我最看重的作品居然是一个双人舞,而且是男女双人舞,这是从前根本不曾想到的。
独舞,每个舞蹈演员心里都知道,是太大的挑战。舞台上,黑暗中一束聚光灯打下来,全场的目光尽皆聚焦于你。这样的环境,最容易滋生吹毛求疵的眼光。
因此,除非个人能力很好很好,而且外在条件也经得起最苛刻的审视,否则,是不敢独舞的。
在残艺的中小型演出中也有幸跳过几次独舞,《竹舞》和《孔雀飞来》。
但现在想来,那是不自量力的行为,该脸红和惭愧。
至少,我的舞蹈水平和外在条件都还没达到一个能在大型演出中支撑起独舞的水准。
双人或三人舞,是比较现实的考虑。集数人之力,让舞蹈作品看起来不再单薄,也分散了观众的目光。
孔雀飞来,直觉是不看好的。倒不是对两个舞伴的不信任,而是深知她们作为已经工作的人,每次抽空来排练的机会是多么难得和无奈。何况还有节奏把握的问题,找个指挥老师就可以解决么?不行的。只有像我一样,对着碟子经过无数次反复的揣摩,方能掌握音乐的内在动律,但她们没有时间,亦没有精力。
梁祝。敢说伟是目前可以在上海残疾演员中找到的最好的舞伴。只是因为看中他的基本功——北舞老师也为之惊叹的软开度,和他在舞台上的笑容——尽管佘老师打趣说他就只会这么笑,凭直觉,做了这个选择,一步步,走下来了。
这个舞排下来,他进步很快,我的进步也很明显。
但的确,就现阶段来说,他的舞蹈感觉和表现力,和我是存在比较大的差距的。
用室友的话来说,这个作品要进一步提高,我该考虑的是如何更完美的问题,而他要考虑的却是如何学会在舞台上走路的问题。
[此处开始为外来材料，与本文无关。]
(* For all $1\le i\le n$ and $1\le r\le n$, $$|\mathcal{I}^{(r)}_{x_i}(P_n^* )|\le |\mathcal{I}^{(r)}_{p_i}(P_n^* )|.$$
   Context: $\mathcal{I}^{(r)}_v(G)$ denotes the family of independent $r$-sets (sets of $r$ pairwise non-adjacent vertices) of a graph $G$ containing the vertex $v$. For a graph $G$ with vertices $x_1,\dots,x_n$, the pendant graph $G^*$ has vertex set $\{x_1,\dots,x_n\}\sqcup\{p_1,\dots,p_n\}$ and edge set $E(G)\sqcup\{x_1p_1,\dots,x_np_n\}$. $P_n$ is the path with vertices $x_1,\dots,x_n$ and edges $x_jx_{j+1}$, $1\le j\le n-1$, and $P_n^*$ its pendant graph. *)

From mathcomp Require Import all_boot.
Set Implicit Arguments. Unset Strict Implicit. Unset Printing Implicit Defensive.

(* A simple graph on a finite vertex type T is given by its adjacency relation
   (assumed symmetric and irreflexive where relevant). *)

Definition independent (T : finType) (adj : rel T) (S : {set T}) : bool :=
  [forall x in S, forall y in S, ~~ adj x y].

Definition indep_rsets_at (T : finType) (adj : rel T) (r : nat) (v : T)
  : {set {set T}} :=
  [set S : {set T} | [&& independent adj S, #|S| == r & v \in S]].

(* Vertices of P_n^*: inl i = x_{i+1}, inr i = p_{i+1} (0-indexed ordinals). *)
Definition pvert (n : nat) := ('I_n + 'I_n)%type.

Definition path_adj (n : nat) (i j : 'I_n) : bool :=
  (i.+1 == j :> nat) || (j.+1 == i :> nat).

Definition pendant_adj (n : nat) (adjG : rel 'I_n) : rel (pvert n) :=
  fun u v =>
    match u, v with
    | inl i, inl j => adjG i j
    | inl i, inr j => i == j
    | inr i, inl j => i == j
    | inr _, inr _ => false
    end.

Definition path_pendant_adj (n : nat) : rel (pvert n) :=
  pendant_adj (@path_adj n).

From mathcomp Require Import all_boot.

(* In the pendant graph P_n^* the vertex p_i is a leaf hanging
   off x_i.  Replacing x_i by p_i in an independent r-set containing x_i
   gives an independent r-set containing p_i: p_i is not in the set (it is
   adjacent to x_i) and its only neighbour x_i has been removed.  This swap
   is injective, whence the inequality.

   The bound holds for every r. *)

Section DominatedSwap.

Variables (T : finType) (adj : rel T).
Hypotheses (adj_sym : symmetric adj) (adj_irr : irreflexive adj).

Lemma independentP (S : {set T}) :
  reflect {in S &, forall x y, ~~ adj x y} (independent adj S).
Proof.
apply: (iffP forallP) => [indS x y xS yS | indS x].
  by move: (indS x); rewrite xS => /forallP/(_ y); rewrite yS.
by apply/implyP => xS; apply/forall_inP => y yS; apply: indS.
Qed.

Variables (u v : T).
Hypothesis adj_uv : adj u v.
Hypothesis dominated : forall w, adj v w -> w != u -> adj u w.

Definition swap (S : {set T}) : {set T} := v |: (S :\ u).

Lemma indep_notin (S : {set T}) :
  independent adj S -> u \in S -> v \notin S.
Proof.
by move=> /independentP indS uS; apply/negP => /(indS u v uS); rewrite adj_uv.
Qed.

(* The swap preserves independence: v only sees u and neighbours of u. *)
Lemma independent_swap (S : {set T}) :
  independent adj S -> u \in S -> independent adj (swap S).
Proof.
move=> /independentP indS uS.
have v_free w : w \in S :\ u -> ~~ adj v w.
  case/setD1P => wu wS; apply/negP => /dominated /(_ wu).
  by apply/negP; apply: indS.
apply/independentP => x y; rewrite !in_setU1.
case/predU1P => [-> | xS]; case/predU1P => [-> | yS].
- by rewrite adj_irr.
- by apply: v_free.
- by rewrite adj_sym; apply: v_free.
- by move/setD1P: xS => [_ xS]; move/setD1P: yS => [_ yS]; apply: indS.
Qed.

Lemma swapK (S : {set T}) :
  u \in S -> v \notin S -> u |: (swap S :\ v) = S.
Proof.
move=> uS vS; apply/setP => x; rewrite !inE.
case: (eqVneq x u) => [-> | xu] //=.
by case: (eqVneq x v) => [-> | xv] //=; rewrite (negbTE vS).
Qed.

Lemma card_indep_rsets_swap (r : nat) :
  #|indep_rsets_at adj r u| <= #|indep_rsets_at adj r v|.
Proof.
have memA S : S \in indep_rsets_at adj r u ->
    [/\ independent adj S, #|S| = r, u \in S & v \notin S].
  rewrite inE => /and3P [indS /eqP cardS uS].
  by split => //; apply: indep_notin.
rewrite -(card_in_imset (f := swap)); last first.
  move=> S1 S2 /memA [_ _ uS1 vS1] /memA [_ _ uS2 vS2] eq_swap.
  by rewrite -(swapK S1 uS1 vS1) -(swapK S2 uS2 vS2) eq_swap.
apply/subset_leq_card/subsetP => _ /imsetP [S /memA [indS cardS uS vS] ->].
rewrite inE independent_swap //= setU11 andbT.
by rewrite cardsU1 in_setD1 (negbTE vS) andbF /= -cardS (cardsD1 u S) uS.
Qed.

End DominatedSwap.

Lemma pendant_adj_sym (n : nat) (adjG : rel 'I_n) :
  symmetric adjG -> symmetric (pendant_adj adjG).
Proof. by move=> symG [i|i] [j|j] //=; rewrite eq_sym. Qed.

Lemma pendant_adj_irr (n : nat) (adjG : rel 'I_n) :
  irreflexive adjG -> irreflexive (pendant_adj adjG).
Proof. by move=> irrG [i|i] //=. Qed.

Lemma pendant_leaf (n : nat) (adjG : rel 'I_n) (i : 'I_n) (w : pvert n) :
  pendant_adj adjG (inr i) w -> w = inl i.
Proof. by case: w => //= j /eqP ->. Qed.

Lemma path_adj_sym (n : nat) : symmetric (@path_adj n).
Proof. by move=> i j; rewrite /path_adj orbC. Qed.

Lemma path_adj_irr (n : nat) : irreflexive (@path_adj n).
Proof. by move=> i; rewrite /path_adj orbb eqn_leq ltnn. Qed.

(* Indices are 0-based: i : 'I_n stands for the paper's i+1 in {1..n}. *)
Theorem lemma5 (n : nat) (i : 'I_n) (r : nat) :
  1 <= r <= n ->
  #|indep_rsets_at (@path_pendant_adj n) r (inl i)|
    <= #|indep_rsets_at (@path_pendant_adj n) r (inr i)|.
Proof.
move=> _; apply: card_indep_rsets_swap.
- exact/pendant_adj_sym/path_adj_sym.
- exact/pendant_adj_irr/path_adj_irr.
- by rewrite /= eqxx.
- by move=> w /pendant_leaf ->; rewrite eqxx.
Qed.
(* Let $(x,y)$ and $(x',y')$ be $\mathbf{x}$-vertices of $R$. If $ax'\in\operatorname{Band}_{\mathbf{x}}(y)$, then \[ d_R((x,y),(x',y'))\le d(P_A)+2d(\bar A)+d(\bar B)+2. \]
   Context: Let $A\in\mathbb{R}^{m_1\times n_1}$, nonzero $a\in\mathbb{R}^{1\times n_1}$, nonzero $b\in\mathbb{R}^{1\times n_2}$, $B\in\mathbb{R}^{m_2\times n_2}$, $c_A\in\mathbb{R}^{m_1}$, $c_B\in\mathbb{R}^{m_2}$, $c_a,c_b\in\mathbb{R}$, and $R=\{(x,y)\in\mathbb{R}^{n_1}\times\mathbb{R}^{n_2}: Ax=c_A,\ ax+by=c_a+c_b,\ By=c_B,\ x,y\ge 0\}$. Assume $R$ is simple (nondegenerate). Let $P_A=\{x: Ax=c_A, x\ge 0\}$, $\bar A=\begin{bmatrix}A\\ a\end{bmatrix}$, $\bar B=\begin{bmatrix}b\\ B\end{bmatrix}$. A vertex $(x,y)$ of $R$ is an $\mathbf{x}$-vertex if $x$ is a vertex of $P_A$; for such a vertex, $\operatorname{Band}_{\mathbf{x}}(y):=\{c_a+c_b-bz : Bz=c_B,\ \operatorname{supp}(z)\subseteq\operatorname{supp}(y),\ z\ge 0\}$, where $\operatorname{supp}$ is the set of indices of nonzero coordinates. $d_R(v,w)$ is the minimum number of edges of an edge walk in $R$ from $v$ to $w$. For a polyhedron $P$, $d(P)$ is its combinatorial diameter, and for a matrix $M\in\mathbb{R}^{m\times n}$, $d(M):=\max\{d(\{z: Mz=r, z\ge 0\}): r\in\mathbb{R}^m\}$. *)

From HB Require Import structures.
From mathcomp Require Import all_boot all_order all_algebra.
Set Implicit Arguments. Unset Strict Implicit. Unset Printing Implicit Defensive.
Import Order.TTheory GRing.Theory Num.Theory.
Local Open Scope ring_scope.

Section Polyhedra.
Variable R : realFieldType.

Definition polyhedron (m n : nat) (M : 'M[R]_(m, n)) (r : 'cV[R]_m) (z : 'cV[R]_n) : Prop :=
  M *m z = r /\ forall i, 0 <= z i 0.

Definition is_vertex (n : nat) (P : 'cV[R]_n -> Prop) (v : 'cV[R]_n) : Prop :=
  P v /\ forall d : 'cV[R]_n, P (v + d) -> P (v - d) -> d = 0.

Definition segment (n : nat) (v w z : 'cV[R]_n) : Prop :=
  exists t : R, 0 <= t /\ t <= 1 /\ z = t *: v + (1 - t) *: w.
Lemma generator_inj : injective generator.
Proof.
move=> r1 r2 r12; apply: contrapT => /eqP r1_neq_r2.
have rinj : injective (fun i : 'I_2 => [:: r1; r2]`_i).
  by move=> i j /eqP; rewrite nth_uniq //= ?inE ?andbT // => /eqP /val_inj.
have [a [t rw]] := generator_interp _ _ (fun i => [:: 1%Q; 0%Q]`_i) rinj.
have := rw ord_max; have := rw ord0; rewrite /= r12 => ->.
by rewrite rmorph0 rmorph1 => /eqP; rewrite oner_eq0.
Qed.

Lemma range_generator n (x : 'I_n -> K -> R -> R) :
  (forall i, range generator (x i)) -> exists r : 'I_n -> R, x = generator \o r.
Proof.
move=> xgen; have [r rx] : {r : 'I_n -> R & forall i, generator (r i) = x i}.
  by apply: (@choice _ _ (fun i ri => generator ri = x i)) => i;
    have [ri _ <-] := xgen i; exists ri.
by exists r; apply: funext => i; rewrite /= rx.
Qed.

Lemma generator_indep n (r : 'I_n -> R) (P : {mpoly R[n]}) :
  injective r -> P != 0 -> peval P (generator \o r) <> (fun _ _ => 0).
Proof.
move=> rinj P_neq0.
have [w Pw_neq0] : exists w : 'I_n -> rat, P.@[fun i => ratr (w i)] != 0.
  apply: contrapT => Pw0; move/eqP: P_neq0; apply; apply: mpoly_ratr_eq0 => w.
  by apply: contrapT => /eqP Pw; apply: Pw0; exists w.
have [a [t rw]] := generator_interp _ _ w rinj.
move=> /(congr1 (fun f => f a t)); rewrite /peval /=.
by rewrite (meval_eq _ (v2 := fun i => ratr (w i))) // => /eqP; rewrite (negbTE Pw_neq0).
Qed.

Theorem AN_strongly_algebrable_of_chain : @strongly_algebrable R K R (AN lt).
Proof.
exists (range generator); split.
  by apply: inj_card_eq => r1 r2 _ _; exact: generator_inj.
split=> n x P.
  move=> x_inj /range_generator [r xr]; rewrite xr in x_inj *.
  by apply: generator_indep => // i j rij; apply: x_inj; rewrite /= rij.
move=> /range_generator [r ->] P0 nz.
by rewrite peval_generator // in nz *; exact: AN_stage.
Qed.

End chain_construction.

Section initial_segments.
Context {R : realType} {K : Type} (lt : K -> K -> Prop) (F : K -> set R).

Lemma Lnull_bigcup_initial_segment a :
  card_is_addN R K -> ~ ([set: K] #<= [set b | lt b a])%card ->
  (forall b, Lnull (F b)) -> Lnull (\bigcup_(b in [set b | lt b a]) F b).
Proof.
move=> [_ small] seg_a F_null.
have : Lnull (\bigcup_(A in [set F b | b in [set b | lt b a]]) A).
  apply: small.
  - exact: card_le_trans (card_image_le _ _) (subset_card_le (@subsetT _ _)).
  - by move=> h; apply: seg_a; exact: card_le_trans h (card_image_le _ _).
  - by move=> A [b _ <-].
by apply: negligibleS => t [b ba Fbt]; exists (F b) => //; exists b.
Qed.

(* Only a maximal element of K can escape the union of the strict initial
   segments, and its F-set is null. *)
Lemma Lnull_bigcup_of_initial_segments :
  (forall a b, [\/ lt a b, a = b | lt b a]) -> (forall b, Lnull (F b)) ->
  Lnull (\bigcup_a \bigcup_(b in [set b | lt b a]) F b) ->
  Lnull (\bigcup_a F a).
Proof.
move=> tri F_null U0.
have [[m m_max]|no_max] := pselect (exists m, forall b, ~ lt m b).
  apply: (negligibleS _ (negligibleU U0 (F_null m))) => t [b _ Fbt].
  case: (tri b m) => [bm|<-|mb]; last by case: (m_max b mb).
    by left; exists m => //; exists b.
  by right.
apply: (negligibleS _ U0) => t [b _ Fbt].
have [a ba] : exists a, lt b a.
  by apply: contrapT => nb; apply: no_max; exists b => c bc; apply: nb; exists c.
by exists a => //; exists b.
Qed.
Lemma S_term_right i w : (k < i < m.+2)%N ->
  S_term a i w = (sign_change a i.+1 - sign_change a i)
                 * (if s is s'.+1 then S_coef k s' else 0) * two_pow m.+2 w.
Proof.
have [a_k a_gt] := a_neg1; move=> /andP[lt_ki lt_im].
have gt0_s : (0 < s)%N by lia.
have -> : (if s is s'.+1 then S_coef k s' else 0) = S_coef k s.-1.
  by rewrite -[in LHS](prednK gt0_s).
have [-> | lt_k1i] : i = k.+1 \/ (k.+1 < i)%N by lia.
  apply: S_term_of_S_drop => //; first by lia.
  apply: (S_drop_at_IH _ k s.-1); [lia | lia |].
  by apply: last_neg1_at_drop_gt => //; lia.
have a_flat : nth 0 a i.-1 = nth 0 a i.+1 by rewrite !a_gt //; lia.
by rewrite S_term_eq0 // sign_change_eq // subrr !mul0r.
Qed.

Lemma S_step w : S a w = S_coef k s * two_pow m.+2 w.
Proof.
have [a_k a_gt] := a_neg1; have lt_k1 : (k.+1 < size a)%N by lia.
have sign_change0 : sign_change a 0 = 0 by rewrite /sign_change eqxx.
have sign_change_k1 : sign_change a k.+1 = 1.
  by rewrite /sign_change /= a_k a_gt //; lia.
rewrite S_rec; last by rewrite size_a.
rewrite -(big_mkord xpredT (fun i => S_term a i w)) size_a /=.
rewrite (big_cat_nat _ (n := k.+1)) //=; last by lia.
rewrite (sum_S_term_telescope a (if k is k'.+1 then S_coef k' s else 0) m.+2) //;
  last by move=> i /andP[_ lt_ik]; apply: S_term_left.
rewrite (sum_S_term_telescope a (if s is s'.+1 then S_coef k s' else 0) m.+2);
  [| lia | by move=> i; apply: S_term_right].
rewrite sign_change0 sign_change_k1 subr0 mul1r (S_coef_rec k s); last by lia.
case: (posnP s) => [s0 | gt0_s]; first by rewrite s0 /= !mulr0 mul0r addr0 subr0.
have -> : sign_change a m.+2 = 0 by rewrite /sign_change /= !a_gt ?eqxx //; lia.
by rewrite sub0r mulN1r mulNr mulrBl.
Qed.

End InductionStep.

Lemma S_sign_seq k s a : size a = (k + s).+2 -> sign_seq a -> last_neg1_at k a ->
  forall w, S a w = S_coef k s * two_pow (k + s).+1 w.
Proof.
move ks: (k + s)%N => m; elim: m k s a ks => [|m IH] k s a ks size_a a_sign a_neg1 w.
  have [k0 s0] : k = 0%N /\ s = 0%N by lia.
  subst k s; case: a size_a a_sign a_neg1 => [|x [|y []]] // _ _ [/= -> y_eq].
  have /= -> := y_eq 1%N isT.
  rewrite S_pair mu_sign; [|by right|by left].
  by rewrite (_ : (-1 : rat) != 1) // -pt_nseq2 /S_coef /= !mul1r.
exact: (S_step _ _ _ _ IH ks size_a a_sign a_neg1).
Qed.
从18岁到26岁,9年的舞蹈,不是白学的。而他,才不过两年多而已。
出发点本只是想排一个在残艺可以有机会上台演演的节目,因此当最初和佘老师联系说这个想法的时候,他回复我说:“非常愿意,但他从来没有学过古典舞,不知道,他行不行。”那时,以为自己想要排的只不过是一个比较简单的双人舞作品,于是毫不犹豫地说,没关系,试试看吧。
造化弄人。岂料这个舞蹈排出来,竟是远远超乎我们的想象。
然而又实在处于比较尴尬的境地:编创设想是向着专业目标不断提升的,指导老师是专业的,我的舞蹈感觉和意识也是接近专业的,只是,这个孩子终究只是初学者。
当目标越来越远大的时候,起跑线上,不禁产生怀疑:和伟,这个舞究竟能走多远?
其实许多冷静的旁观者,早就明白这一点。比如残联的领导和老师,比如残艺的那些演员,比如我的许多好友。
对伟的潜力,有人看好,有人不以为然。对伟这个孩子,有人喜欢,有人讨厌。讨厌他的人,很直接地对我说出那些诸如他最后跳出不来之类的断言。
而我,也不禁由最初发掘人才和找到舞伴的满心喜悦,逐渐转到对他的充满焦灼的期望,直到现在,完全冷静下来,反复看第一次公开演出的视频,发现他最致命的地方不在于舞蹈能力本身的缺陷,而在于许多缺陷都是排练时本来已经克服了的,甚至是完全新出现的。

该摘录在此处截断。